Marine and Coastal Area [Takutai Moana] Act 2011 High Court hearings are in Masterton for their final days before shifting back to Wellington.

The hearings, which will be a step towards customary rights and titles, have been heard over the last three weeks in Masterton after an application by tangata whenua for their cases to be heard locally.

The current group of claimants comprise primarily of hapū from along the eastern coast of the North Island.

The proceedings for this group will determine who has customary interests in the area of coast that stretches from the Whareama river and down to Turakirae Head at Palliser Bay.

This group includes claimants and interested parties from Rangitāne and Ngāti Kahungunu iwi.

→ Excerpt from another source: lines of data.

(* Let $X$ be an element of the tensor algebra over $\mathbb{R}^d$ with strictly positive radius of convergence $\rho(X)>0$, and suppose $\pi_n(X)\neq 0$ for some $n\ge 0$. Then for every integer $k\ge n+1$ there exists a linear map $M\in\mathcal{L}(\mathbb{R}^d;\mathfrak{t}(k,\mathbb{R}))$ such that the series defining $\Phi_X(M)$ converges and $\Phi_X(M)\neq 0$.
   Context: Elements of the tensor algebra are (formal) sequences $X=(\pi_0(X),\pi_1(X),\dots)$ with $\pi_n(X)\in(\mathbb{R}^d)^{\otimes n}$, $(\mathbb{R}^d)^{\otimes0}=\mathbb{R}$. $\mathbb{R}^d$ carries the $\ell_1$-norm and each $(\mathbb{R}^d)^{\otimes n}$ the projective tensor norm. The radius of convergence $\rho(X)$ is the radius of convergence of the complex power series $\lambda\mapsto\sum_{n\ge0}\|\pi_n(X)\|\lambda^n$. $\mathfrak{t}(k,\mathbb{R})$ is the space of real $k\times k$ matrices $M$ with $M+M^\top=0$ whose $(i,j)$-entry can be nonzero only if $|i-j|=1$ (tridiagonal antisymmetric matrices). For a linear map $M:\mathbb{R}^d\to\mathfrak{t}(k,\mathbb{R})\subset\mathfrak{gl}(k,\mathbb{C})$, $\widetilde M$ is the algebra homomorphism with $\widetilde M(1)=I_k$ and $\widetilde M(e_{i_1}\otimes\cdots\otimes e_{i_\ell})=M(e_{i_1})\cdots M(e_{i_\ell})$, and the generating function is $\Phi_X(M)=\sum_{n\ge0}\widetilde M(\pi_n(X))$ (Hilbert–Schmidt norm on matrices), defined when this series converges. *)

From HB Require Import structures.
From mathcomp Require Import all_boot all_order all_algebra.
From mathcomp Require Import all_classical all_reals all_analysis.
Set Implicit Arguments. Unset Strict Implicit. Unset Printing Implicit Defensive.
Import Order.TTheory GRing.Theory Num.Theory.
Import numFieldNormedType.Exports.
Local Open Scope classical_set_scope.
Local Open Scope ring_scope.

(* (R^d)^{(x) n} is identified with functions on words of length n:
   x = \sum_w x w e_{w_0} (x) ... (x) e_{w_{n-1}}. *)
Definition tensor (R : realType) (d n : nat) := n.-tuple 'I_d -> R.

(* An element X of the tensor algebra: pi_n(X) = X n. *)
Definition tensor_seq (R : realType) (d : nat) := forall n : nat, tensor R d n.

Definition l1norm (R : realType) (d : nat) (u : 'I_d -> R) : R :=
  \sum_(i < d) `|u i|.

Definition elem_tensor (R : realType) (d n : nat) (c : R)
  (v : 'I_n -> 'I_d -> R) : tensor R d n :=
  fun w => c * \prod_(l < n) v l (tnth w l).

Definition proj_norm (R : realType) (d n : nat) (x : tensor R d n) : R :=
  inf [set s : R | exists (m : nat) (c : 'I_m -> R)
         (v : 'I_m -> 'I_n -> 'I_d -> R),
         (forall w, x w = \sum_(j < m) elem_tensor (c j) (v j) w) /\
         s = \sum_(j < m) `|c j| * \prod_(l < n) l1norm (v j l)].

Definition conv_radius (R : realType) (d : nat) (X : tensor_seq R d) : \bar R :=
  ereal_sup [set r%:E | r in [set r : R | 0 <= r /\
     cvg ((series (fun n : nat => proj_norm (X n) * r ^+ n)) @ \oo)]].

Definition tridiag_antisym (R : realType) (k : nat) (A : 'M[R]_k) : Prop :=
  A + A^T = 0 /\ (forall i j : 'I_k, `|(i : int) - (j : int)| != 1%N -> A i j = 0).

Definition basis_vec (R : realType) (d : nat) (i : 'I_d) : 'rV[R]_d :=
  delta_mx 0 i.

Definition Mtilde (R : realType) (d k n : nat)
  (M : 'rV[R]_d -> 'M[R]_k) (x : tensor R d n) : 'M[R]_k :=
  \sum_(w : n.-tuple 'I_d) x w *: \prod_(l < n) M (basis_vec R (tnth w l)).

Definition Phi_partial (R : realType) (d k : nat)
  (X : tensor_seq R d) (M : 'rV[R]_d -> 'M[R]_k) : nat -> 'M[R]_k :=
  series (fun n => Mtilde M (X n)).

(* Phi_X(M), meaningful when the series converges. *)
Definition Phi_X (R : realType) (d k : nat)
  (X : tensor_seq R d) (M : 'rV[R]_d -> 'M[R]_k) : 'M[R]_k :=
  lim (Phi_partial X M @ \oo).

From HB Require Import structures.
From mathcomp Require Import all_boot all_order all_algebra.
From mathcomp Require Import all_classical all_reals all_analysis.
From mathcomp Require Import ring lra zify.
Set Implicit Arguments. Unset Strict Implicit. Unset Printing Implicit Defensive.
Import Order.TTheory GRing.Theory Num.Theory.
Import numFieldNormedType.Exports.
Local Open Scope classical_set_scope.
Local Open Scope ring_scope.

(* Let w be a word of length n with X_n(w) != 0 and take
   M(v) = c * sum_l v_(w_l) (E_(l,l+1) - E_(l+1,l)).  Every M(e_i) is
   tridiagonal, so the (0,n) entry of a product of m of them vanishes for
   m < n, while for m = n it is c^n times the indicator of the word w.  Hence
   the (0,n) entry of Phi_X(M) is a power series in c whose first nonzero
   coefficient is X_n(w).  Since |Mtilde(pi_m X)| <= (C c)^m ||pi_m X|| with C
   depending only on d, k and n, the series converges for small c > 0, and for
   c small enough its tail is dominated by the leading term c^n X_n(w). *)

(* The library declares the complete and the normed structures on matrices
   separately; this makes 'M[R]_k a completeNormedModType. *)
HB.instance Definition _ (R : realType) (k : nat) :=
  Uniform_isComplete.Build 'M[R]_k (@mx_complete R k k).

Section DominatedPowerSeries.
Variable R : realType.

Lemma cvg_series_dominated (V : completeNormedModType R) (A : V ^nat)
    (u : R ^nat) (s c : R) :
  (forall m, `|A m| * s ^+ m <= u m) -> cvgn (series u) -> 0 <= c <= s ->
  cvgn (series (fun m => c ^+ m *: A m)).
Proof.
move=> A_dom u_cvg /andP[c_ge0 c_le_s]; apply: normed_cvg.
have s_ge0 : 0 <= s := le_trans c_ge0 c_le_s.
apply: (series_le_cvg _ _ _ u_cvg) => m /=.
- exact: normr_ge0.
- by apply: le_trans _ (A_dom m); rewrite mulr_ge0 ?exprn_ge0.
- rewrite normrZ ger0_norm ?exprn_ge0 // mulrC; apply: le_trans _ (A_dom m).
  by rewrite ler_wpM2l // lerXn2r.
Qed.

Variables (a u : R ^nat) (s : R) (n : nat).
Hypotheses (s_gt0 : 0 < s) (a_dom : forall m, `|a m| * s ^+ m <= u m).
Hypotheses (u_cvg : cvgn (series u)) (a_lt : forall m, (m < n)%N -> a m = 0).

Let s_ge0 : 0 <= s. Proof. exact: ltW. Qed.

Let u_ge0 m : 0 <= u m.
Proof. by apply: le_trans _ (a_dom m); rewrite mulr_ge0 ?exprn_ge0. Qed.

Let series_le_lim N : series u N <= limn (series u).
Proof.
have := nondecreasing_cvgn_le _ u_cvg N; apply.
by apply: nondecreasing_series => m _ _; exact: u_ge0.
Qed.

Lemma power_series_tail_le (rho : R) N : 0 <= rho <= 1 -> (n < N)%N ->
  `|series (fun m => (rho * s) ^+ m * a m) N - (rho * s) ^+ n * a n|
    <= rho ^+ n.+1 * limn (series u).
Proof.
move=> /andP[rho_ge0 rho_le1] nN; rewrite /series /=.
rewrite (big_cat_nat (leq0n n) (ltnW nN)) /= big_nat_cond big1; last first.
  by move=> m /andP[/andP[_ mn] _]; rewrite a_lt ?mulr0.
rewrite add0r big_ltn // addrC addrK.
apply: le_trans (ler_norm_sum _ _ _) _.
apply: le_trans (_ : \sum_(n.+1 <= m < N) rho ^+ n.+1 * u m <= _).
  apply: ler_sum_nat => m /andP[nm _].
  rewrite normrM exprMn normrM [`|rho ^+ m|]ger0_norm ?exprn_ge0 //.
  rewrite [`|s ^+ m|]ger0_norm ?exprn_ge0 // -mulrA.
  apply: ler_pM; rewrite ?mulr_ge0 ?exprn_ge0 ?ler_wiXn2l //.
  by rewrite mulrC a_dom.
rewrite -mulr_sumr ler_wpM2l ?exprn_ge0 //; apply: le_trans (series_le_lim N).
rewrite /series /= (big_cat_nat (leq0n n.+1) nN) /= lerDr.
by apply: sumr_ge0 => m _.
Qed.

Lemma power_series_neq0 : a n != 0 -> exists2 c, 0 < c <= s &
  forall L, series (fun m => c ^+ m * a m) @ \oo --> L -> L != 0.
Proof.
move=> an_neq0; set S := limn (series u); set Q := s ^+ n * `|a n|.
have S_ge0 : 0 <= S.
  by apply: le_trans (series_le_lim 0); rewrite /series /= big_geq.
have Q_gt0 : 0 < Q by rewrite mulr_gt0 ?exprn_gt0 ?normr_gt0.
set rho := Q / (Q + S + 1).
have rhoE : rho * (Q + S + 1) = Q by rewrite divfK // gt_eqF //; lra.
have rho_gt0 : 0 < rho by rewrite divr_gt0 //; lra.
have rho_le1 : rho <= 1 by nra.
have rhoS_lt : rho * S < Q by nra.
exists (rho * s); first by rewrite mulr_gt0 //= ger_pMl.
move=> L cvL; apply/eqP => L0.
have : `|(rho * s) ^+ n * a n| <= rho ^+ n.+1 * S.
  have cv_dist : (fun N => `|series (fun m => (rho * s) ^+ m * a m) N
      - (rho * s) ^+ n * a n|) @ \oo --> `|L - (rho * s) ^+ n * a n|.
    by apply: cvg_norm; apply: cvgB => //; exact: cvg_cst.
  rewrite L0 sub0r normrN in cv_dist; apply: (cvgr_to_le cv_dist).
  near=> N; apply: power_series_tail_le; first by rewrite ltW.
  by near: N; exact: nbhs_infty_gt.
have cn_ge0 : 0 <= (rho * s) ^+ n by rewrite exprn_ge0 // mulr_ge0 // ltW.
rewrite normrM (ger0_norm cn_ge0) exprMn -mulrA.
by rewrite exprSr -mulrA ler_pM2l ?exprn_gt0 // leNgt rhoS_lt.
Unshelve. all: by end_near.
Qed.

Lawyer Charl Hirschfeld, who is representing Te Hika o Pāpāuma, said these hearings would work to legally formalise customary rights that were already in place.

Te Hika o Pāpāuma submitted their application to cover the coast from the Whareama river mouth [south point] up to Poroporo.

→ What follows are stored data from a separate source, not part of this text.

(* Let $G=(V,E,w)$ be a finite undirected graph with positive vertex weights and let $IS$ and $S$ be independent sets of $G$. (a) Suppose there is $I_w\in A_I$ with $IS\subseteq I_w$. If $IS'\subseteq N(IS)$ is an independent set with $w(IS')>w(IS\cap N(IS'))$, then there exists an independent set $IS''\subseteq N(IS')\setminus N[IS]$ such that $w(IS')\le w(IS\cap N(IS'))+w(IS'')$. Moreover, if there is exactly one independent set $IS''\subseteq N(IS')\setminus N[IS]$ satisfying this inequality, then $IS\cup IS''\subseteq I_w$. (b) Suppose $S$ is contained in every MWIS of $G$. Then for every nonempty independent set $S'\subseteq N(S)$ there is an independent set $S''\subseteq N(S')\setminus N[S]$ such that $w(S')<w(S\cap N(S'))+w(S'')$. Moreover, if there is exactly one independent set $S''\subseteq N(S')\setminus N[S]$ satisfying this strict inequality, then $S\cup S''$ is contained in every MWIS of $G$.
   Context: $G=(V,E,w)$ is a finite simple undirected graph with $w:V\to\mathbb{R}^{+}$. For $S\subseteq V$, $w(S)=\sum_{v\in S}w(v)$ (so $w(\emptyset)=0$). Independent sets are sets of pairwise non-adjacent vertices; the empty set is independent. A MWIS is an independent set of maximum total weight; $A_I$ is the set of all MWISs. $N(S)=\big(\bigcup_{v\in S}N(v)\big)\setminus S$ and $N[S]=N(S)\cup S$. *)

(* A finite simple undirected graph is a symmetric,
   irreflexive relation e on a finType T; vertex weights w : T -> R. *)
From mathcomp Require Import all_boot all_order all_algebra.
Set Implicit Arguments. Unset Strict Implicit. Unset Printing Implicit Defensive.
Import Order.TTheory GRing.Theory Num.Theory.
Local Open Scope ring_scope.

Definition independent (T : finType) (e : rel T) (S : {set T}) : bool :=
  [forall x in S, forall y in S, ~~ e x y].

Definition wt (R : numDomainType) (T : finType) (w : T -> R) (S : {set T}) : R :=
  \sum_(x in S) w x.

(* I is a maximum weight independent set (I \in A_I) *)
Definition is_MWIS (R : numDomainType) (T : finType) (e : rel T) (w : T -> R)
  (I : {set T}) : Prop :=
  independent e I /\ forall J : {set T}, independent e J -> wt w J <= wt w I.

Definition nbh (T : finType) (e : rel T) (S : {set T}) : {set T} :=
  [set y | [exists x in S, e x y]] :\: S.

Definition cnbh (T : finType) (e : rel T) (S : {set T}) : {set T} :=
  nbh e S :|: S.

From mathcomp Require Import all_boot all_order all_algebra.
Set Implicit Arguments. Unset Strict Implicit. Unset Printing Implicit Defensive.
Import Order.TTheory GRing.Theory Num.Theory.
Local Open Scope ring_scope.

(* Both parts of the theorem rest on one exchange argument.  Let I be a MWIS
   containing an independent set S, and let S' be an independent subset of
   N(S).  Put X := (I ∩ N(S')) \ N[S].  Since I avoids N(S), the vertices of
   I inside N(S') are exactly those of S ∩ N(S') together with X, so
     w(I) = w(I \ N(S')) + w(S ∩ N(S')) + w(X).
   Swapping I ∩ N(S') for S' yields the independent set (I \ N(S')) ∪ S' of
   weight w(I \ N(S')) + w(S'); maximality of I gives
     w(S') <= w(S ∩ N(S')) + w(X),
   and equality makes the swapped set a MWIS as well.  Moreover S ∪ X ⊆ I.
   Part (a) takes X as the witness; uniqueness forces the given IS'' to be X.
   For part (b), if equality held then the swapped set would be a MWIS not
   containing the neighbour in S of any vertex of S' ≠ ∅, contradicting the
   hypothesis that S lies in every MWIS; hence the inequality is strict. *)

Section Independence.
Variables (T : finType) (e : rel T).

Lemma independentP (A : {set T}) :
  reflect (forall x y, x \in A -> y \in A -> ~~ e x y) (independent e A).
Proof.
apply: (iffP forallP) => [indA x y xA yA | indA x].
  by move: (indA x); rewrite xA => /forall_inP /(_ y yA).
by apply/implyP => xA; apply/forall_inP => y yA; apply: indA.
Qed.

Lemma independent_subset (A B : {set T}) :
  A \subset B -> independent e B -> independent e A.
Proof.
move=> /subsetP AB /independentP indB; apply/independentP => x y xA yA.
by apply: indB; apply: AB.
Qed.

Lemma nbhP (S : {set T}) (y : T) :
  y \in nbh e S -> exists2 x, x \in S & e x y.
Proof. by rewrite inE => /andP [_]; rewrite inE => /exists_inP. Qed.

Lemma MWIS_exists (R : realDomainType) (w : T -> R) : exists I, is_MWIS e w I.
Proof.
have ind0 : independent e set0 by apply/independentP => x y; rewrite inE.
case: (@arg_maxP _ _ _ set0 (independent e) (wt w) ind0) => I indI maxI.
by exists I; split => // J indJ; apply: maxI.
Qed.

End Independence.

Lemma wt_setID (R : numDomainType) (T : finType) (w : T -> R) (A B : {set T}) :
  wt w A = wt w (A :&: B) + wt w (A :\: B).
Proof. by rewrite /wt (big_setID B). Qed.

Section Exchange.
Variables (R : numDomainType) (T : finType) (e : rel T) (w : T -> R).
Hypothesis e_sym : symmetric e.
Variables (I S S' : {set T}).
Hypotheses (I_MWIS : is_MWIS e w I) (S_sub_I : S \subset I).
Hypotheses (S'_sub_nbh : S' \subset nbh e S) (S'_indep : independent e S').

Definition exchange_part : {set T} := (I :&: nbh e S') :\: cnbh e S.

Definition swapped : {set T} := (I :\: nbh e S') :|: S'.

Let I_indep : independent e I. Proof. by case: I_MWIS. Qed.

Lemma MWIS_avoids_nbh x : x \in I -> x \notin nbh e S.
Proof.
move=> xI; apply/negP => /nbhP [y yS eyx].
by move/independentP: I_indep => /(_ y x (subsetP S_sub_I y yS) xI); rewrite eyx.
Qed.

Lemma S'_disjoint_I x : x \in S' -> x \notin I.
Proof.
move=> xS'; apply: contraL (subsetP S'_sub_nbh x xS') => xI.
exact: MWIS_avoids_nbh.
Qed.

Lemma swapped_independent : independent e swapped.
Proof.
have cross x y : x \in I :\: nbh e S' -> y \in S' -> ~~ e x y.
  rewrite !inE negb_and negbK => /andP [/orP [xS' | xN] xI] yS'.
    by move: (S'_disjoint_I xS'); rewrite xI.
  by apply: contra xN => exy; apply/exists_inP; exists y; rewrite // e_sym.
apply/independentP => x y; rewrite [x \in _]inE [y \in _]inE.
case/orP => [xI | xS'] /orP [yI | yS'].
- by move/independentP: I_indep; apply; [case/setDP: xI | case/setDP: yI].
- exact: cross.
- by rewrite e_sym; apply: cross.
- by move/independentP: S'_indep; apply.
Qed.

Lemma wt_swapped : wt w swapped = wt w (I :\: nbh e S') + wt w S'.
Proof.
rewrite addrC (wt_setID w swapped S'); congr (wt w _ + wt w _).
  by apply/setIidPr; apply: subsetUr.
apply/setP => x; rewrite !inE; case xS': (x \in S'); last by rewrite orbF.
by rewrite (negbTE (S'_disjoint_I xS')).
Qed.

Lemma wt_MWIS_split :
  wt w I = wt w (I :\: nbh e S') + wt w (S :&: nbh e S') + wt w exchange_part.
Proof.
have core : (I :&: nbh e S') :&: cnbh e S = S :&: nbh e S'.
  apply/setP => x; rewrite /cnbh !in_setI in_setU.
  case xS: (x \in S); first by rewrite (subsetP S_sub_I x xS) orbT andbT.
  rewrite orbF; case xI: (x \in I) => //=.
  by rewrite (negbTE (MWIS_avoids_nbh xI)) andbF.
rewrite (wt_setID w I (nbh e S')) (wt_setID w (I :&: nbh e S') (cnbh e S)) core.
by rewrite addrC addrA.
Qed.

Lemma exchange_part_sub : exchange_part \subset nbh e S' :\: cnbh e S.
Proof. by apply: setSD; apply: subsetIr. Qed.

Lemma exchange_part_independent : independent e exchange_part.
Proof.
by apply: (independent_subset _ I_indep); apply: subset_trans (subsetDl _ _) _;
  apply: subsetIl.
Qed.

(* Maximality of I against the swapped set. *)
Lemma exchange_bound : wt w S' <= wt w (S :&: nbh e S') + wt w exchange_part.
Proof.
case: I_MWIS => _ maxI.
by move: (maxI _ swapped_independent); rewrite wt_swapped wt_MWIS_split -addrA lerD2l.
Qed.

Lemma exchange_tight :
  wt w S' = wt w (S :&: nbh e S') + wt w exchange_part -> is_MWIS e w swapped.
Proof.
move=> tight; split; first exact: swapped_independent.
case: I_MWIS => _ maxI J indJ.
by rewrite wt_swapped tight addrA -wt_MWIS_split; apply: maxI.
Qed.

Lemma exchange_part_in_MWIS : S :|: exchange_part \subset I.
Proof.
by rewrite subUset S_sub_I; apply: subset_trans (subsetDl _ _) (subsetIl _ _).
Qed.

End Exchange.

(* If S lies in every MWIS and S' ⊆ N(S) is nonempty, the bound is strict:
   in the tight case the swapped MWIS would contain a vertex of S' and its
   neighbour in S. *)
Lemma exchange_strict (R : numDomainType) (T : finType) (e : rel T) (w : T -> R)
    (e_sym : symmetric e) (I S S' : {set T}) :
  (forall J, is_MWIS e w J -> S \subset J) -> is_MWIS e w I ->
  S' != set0 -> S' \subset nbh e S -> independent e S' ->
  wt w S' < wt w (S :&: nbh e S') + wt w (exchange_part e I S S').
Proof.
move=> S_in_all I_MWIS S'_nonempty S'_sub S'_indep.
have S_sub_I := S_in_all I I_MWIS.
rewrite lt_neqAle (exchange_bound e_sym I_MWIS) // andbT.
apply/negP => /eqP tight.
have swap_MWIS := exchange_tight e_sym I_MWIS S_sub_I S'_sub S'_indep tight.
have S_sub_swap := S_in_all _ swap_MWIS; case: swap_MWIS => swap_indep _.
case/set0Pn: S'_nonempty => x xS'.
have [y yS eyx] := nbhP (subsetP S'_sub x xS').
move/independentP: swap_indep => /(_ y x (subsetP S_sub_swap y yS)).
by rewrite eyx inE xS' orbT => /(_ isT).
Qed.

Theorem theorem2p2 (R : realFieldType) (T : finType) (e : rel T) (w : T -> R)
  (e_sym : symmetric e) (e_irr : irreflexive e) (w_pos : forall v, 0 < w v)
  (IS S : {set T}) (hIS : independent e IS) (hS : independent e S) :
  (* (a) *)
  (forall Iw : {set T}, is_MWIS e w Iw -> IS \subset Iw ->
   forall IS' : {set T}, IS' \subset nbh e IS -> independent e IS' ->
     wt w (IS :&: nbh e IS') < wt w IS' ->
     (exists IS'' : {set T},
        [/\ IS'' \subset nbh e IS' :\: cnbh e IS, independent e IS'' &
            wt w IS' <= wt w (IS :&: nbh e IS') + wt w IS'']) /\
     (forall IS'' : {set T},
        [/\ IS'' \subset nbh e IS' :\: cnbh e IS, independent e IS'' &
            wt w IS' <= wt w (IS :&: nbh e IS') + wt w IS''] ->
        (forall J : {set T},
           [/\ J \subset nbh e IS' :\: cnbh e IS, independent e J &
               wt w IS' <= wt w (IS :&: nbh e IS') + wt w J] -> J = IS'') ->
        IS :|: IS'' \subset Iw))
  /\
  (* (b) *)
  ((forall I : {set T}, is_MWIS e w I -> S \subset I) ->
   forall S' : {set T}, S' != set0 -> S' \subset nbh e S -> independent e S' ->
     (exists S'' : {set T},
        [/\ S'' \subset nbh e S' :\: cnbh e S, independent e S'' &
            wt w S' < wt w (S :&: nbh e S') + wt w S'']) /\
     (forall S'' : {set T},
        [/\ S'' \subset nbh e S' :\: cnbh e S, independent e S'' &
            wt w S' < wt w (S :&: nbh e S') + wt w S''] ->
        (forall J : {set T},
           [/\ J \subset nbh e S' :\: cnbh e S, independent e J &
               wt w S' < wt w (S :&: nbh e S') + wt w J] -> J = S'') ->
        forall I : {set T}, is_MWIS e w I -> S :|: S'' \subset I)).
Proof.
split.
  move=> Iw Iw_MWIS IS_sub IS' IS'_sub IS'_indep _.
  have witness := And3 (exchange_part_sub e Iw IS IS')
    (exchange_part_independent IS IS' Iw_MWIS)
    (exchange_bound e_sym Iw_MWIS IS_sub IS'_sub IS'_indep).
  split; first by exists (exchange_part e Iw IS IS').
  move=> IS'' _ unique; rewrite -(unique _ witness).
  exact: exchange_part_in_MWIS.
move=> S_in_all S' S'_nonempty S'_sub S'_indep.
have witness I (I_MWIS : is_MWIS e w I) := And3 (exchange_part_sub e I S S')
  (exchange_part_independent S S' I_MWIS)
  (exchange_strict e_sym S_in_all I_MWIS S'_nonempty S'_sub S'_indep).
split.
  have [I I_MWIS] := MWIS_exists e w.
  by exists (exchange_part e I S S'); apply: witness.
move=> S'' _ unique I I_MWIS; rewrite -(unique _ (witness I I_MWIS)).
exact: (exchange_part_in_MWIS _ _ (S_in_all I I_MWIS)).
Qed.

It is at the Whareama river mouth where a slight overlap is seen with the current claimants.

Hirschfeld, who is Ngāti Porou himself, has worked on treaty claims for the better part of his career and is well-versed in the process.

Hirschfeld said that neighbourly relations are critically important.


“When you claim an interest, part of the test is ‘what do the neighbours say about that?’”

Hirschfeld said that these hearings are “to mark out, finally, recognition of long-standing interests for the record so that future generations may benefit from that recorded knowledge.”

Proceedings are expected to last four more weeks though an outcome isn’t expected for several more months, or maybe years, as these are only Stage 1[a].

Under the Takutai Moana legislation, customary rights and interests will be recognised in three different capacities.

Participation in conservation processes will continue as they do already for “affected iwi, hapū or whānau,” and customary kaitiakitanga [guardianship] will also continue to be recognised.

Protected customary rights [PCR], and customary marine titles [CMT] are the other ways in which customary interests will be recognised.

The current Takutai Moana proceedings can be appealed all the way to the Supreme Court, Hirschfeld said.

“Some of these cases there’s several in the court of appeal already.”